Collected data
Content starts

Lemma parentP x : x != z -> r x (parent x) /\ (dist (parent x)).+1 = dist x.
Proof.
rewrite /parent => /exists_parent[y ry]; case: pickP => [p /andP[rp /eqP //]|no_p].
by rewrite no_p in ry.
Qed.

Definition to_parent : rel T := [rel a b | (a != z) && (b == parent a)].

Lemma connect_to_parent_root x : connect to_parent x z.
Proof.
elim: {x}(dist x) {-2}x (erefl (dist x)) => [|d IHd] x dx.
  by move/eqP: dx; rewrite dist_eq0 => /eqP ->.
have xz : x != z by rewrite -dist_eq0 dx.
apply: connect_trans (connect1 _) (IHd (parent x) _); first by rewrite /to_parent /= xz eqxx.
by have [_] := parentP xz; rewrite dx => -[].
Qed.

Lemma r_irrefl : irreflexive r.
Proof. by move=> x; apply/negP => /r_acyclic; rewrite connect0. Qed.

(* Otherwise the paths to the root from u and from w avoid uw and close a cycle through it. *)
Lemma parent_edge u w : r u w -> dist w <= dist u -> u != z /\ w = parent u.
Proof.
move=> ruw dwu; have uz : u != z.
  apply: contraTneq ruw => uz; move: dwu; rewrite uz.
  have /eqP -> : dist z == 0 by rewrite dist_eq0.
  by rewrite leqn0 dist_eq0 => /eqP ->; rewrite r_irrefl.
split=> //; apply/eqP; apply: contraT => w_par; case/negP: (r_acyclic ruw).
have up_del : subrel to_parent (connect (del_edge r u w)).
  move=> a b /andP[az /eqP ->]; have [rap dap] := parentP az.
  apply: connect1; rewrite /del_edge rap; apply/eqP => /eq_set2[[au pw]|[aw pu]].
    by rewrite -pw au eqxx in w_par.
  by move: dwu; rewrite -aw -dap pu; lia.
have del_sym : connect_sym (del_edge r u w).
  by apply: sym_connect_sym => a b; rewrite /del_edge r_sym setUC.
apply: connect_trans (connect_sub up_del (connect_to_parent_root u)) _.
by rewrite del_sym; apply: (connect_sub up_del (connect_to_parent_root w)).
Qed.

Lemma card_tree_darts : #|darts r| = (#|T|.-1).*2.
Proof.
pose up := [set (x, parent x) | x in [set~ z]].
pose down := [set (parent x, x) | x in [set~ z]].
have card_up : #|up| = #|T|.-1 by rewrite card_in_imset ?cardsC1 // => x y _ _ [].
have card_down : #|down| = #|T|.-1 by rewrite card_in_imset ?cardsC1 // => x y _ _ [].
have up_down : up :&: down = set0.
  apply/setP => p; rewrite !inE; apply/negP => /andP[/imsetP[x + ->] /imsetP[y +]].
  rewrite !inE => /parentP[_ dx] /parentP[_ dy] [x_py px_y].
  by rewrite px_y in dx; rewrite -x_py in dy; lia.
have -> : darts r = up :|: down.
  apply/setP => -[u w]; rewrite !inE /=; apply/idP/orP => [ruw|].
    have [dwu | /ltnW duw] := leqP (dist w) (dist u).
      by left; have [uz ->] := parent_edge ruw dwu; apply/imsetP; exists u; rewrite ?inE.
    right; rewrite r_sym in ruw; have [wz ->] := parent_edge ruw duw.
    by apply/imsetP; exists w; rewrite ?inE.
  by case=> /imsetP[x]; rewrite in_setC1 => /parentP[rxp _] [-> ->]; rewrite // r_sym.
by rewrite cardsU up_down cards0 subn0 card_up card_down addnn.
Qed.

Content ends

*Exercise directions*
The full set of records should be duplicated exactly.

*Answer to this exercise*
Lemma parentP x : x != z -> r x (parent x) /\ (dist (parent x)).+1 = dist x.
Proof.
rewrite /parent => /exists_parent[y ry]; case: pickP => [p /andP[rp /eqP //]|no_p].
by rewrite no_p in ry.
Qed.

Definition to_parent : rel T := [rel a b | (a != z) && (b == parent a)].

Lemma connect_to_parent_root x : connect to_parent x z.
Proof.
elim: {x}(dist x) {-2}x (erefl (dist x)) => [|d IHd] x dx.
  by move/eqP: dx; rewrite dist_eq0 => /eqP ->.
have xz : x != z by rewrite -dist_eq0 dx.
apply: connect_trans (connect1 _) (IHd (parent x) _); first by rewrite /to_parent /= xz eqxx.
by have [_] := parentP xz; rewrite dx => -[].
Qed.

Lemma r_irrefl : irreflexive r.
Proof. by move=> x; apply/negP => /r_acyclic; rewrite connect0. Qed.

(* Otherwise the paths to the root from u and from w avoid uw and close a cycle through it. *)
Lemma parent_edge u w : r u w -> dist w <= dist u -> u != z /\ w = parent u.
Proof.
move=> ruw dwu; have uz : u != z.
  apply: contraTneq ruw => uz; move: dwu; rewrite uz.
  have /eqP -> : dist z == 0 by rewrite dist_eq0.
  by rewrite leqn0 dist_eq0 => /eqP ->; rewrite r_irrefl.
split=> //; apply/eqP; apply: contraT => w_par; case/negP: (r_acyclic ruw).
have up_del : subrel to_parent (connect (del_edge r u w)).
  move=> a b /andP[az /eqP ->]; have [rap dap] := parentP az.
  apply: connect1; rewrite /del_edge rap; apply/eqP => /eq_set2[[au pw]|[aw pu]].
    by rewrite -pw au eqxx in w_par.
  by move: dwu; rewrite -aw -dap pu; lia.
have del_sym : connect_sym (del_edge r u w).
  by apply: sym_connect_sym => a b; rewrite /del_edge r_sym setUC.
apply: connect_trans (connect_sub up_del (connect_to_parent_root u)) _.
by rewrite del_sym; apply: (connect_sub up_del (connect_to_parent_root w)).
Qed.

Lemma card_tree_darts : #|darts r| = (#|T|.-1).*2.
Proof.
pose up := [set (x, parent x) | x in [set~ z]].
pose down := [set (parent x, x) | x in [set~ z]].
have card_up : #|up| = #|T|.-1 by rewrite card_in_imset ?cardsC1 // => x y _ _ [].
have card_down : #|down| = #|T|.-1 by rewrite card_in_imset ?cardsC1 // => x y _ _ [].
have up_down : up :&: down = set0.
  apply/setP => p; rewrite !inE; apply/negP => /andP[/imsetP[x + ->] /imsetP[y +]].
  rewrite !inE => /parentP[_ dx] /parentP[_ dy] [x_py px_y].
  by rewrite px_y in dx; rewrite -x_py in dy; lia.
have -> : darts r = up :|: down.
  apply/setP => -[u w]; rewrite !inE /=; apply/idP/orP => [ruw|].
    have [dwu | /ltnW duw] := leqP (dist w) (dist u).
      by left; have [uz ->] := parent_edge ruw dwu; apply/imsetP; exists u; rewrite ?inE.
    right; rewrite r_sym in ruw; have [wz ->] := parent_edge ruw duw.
    by apply/imsetP; exists w; rewrite ?inE.
  by case=> /imsetP[x]; rewrite in_setC1 => /parentP[rxp _] [-> ->]; rewrite // r_sym.
by rewrite cardsU up_down cards0 subn0 card_up card_down addnn.
Qed.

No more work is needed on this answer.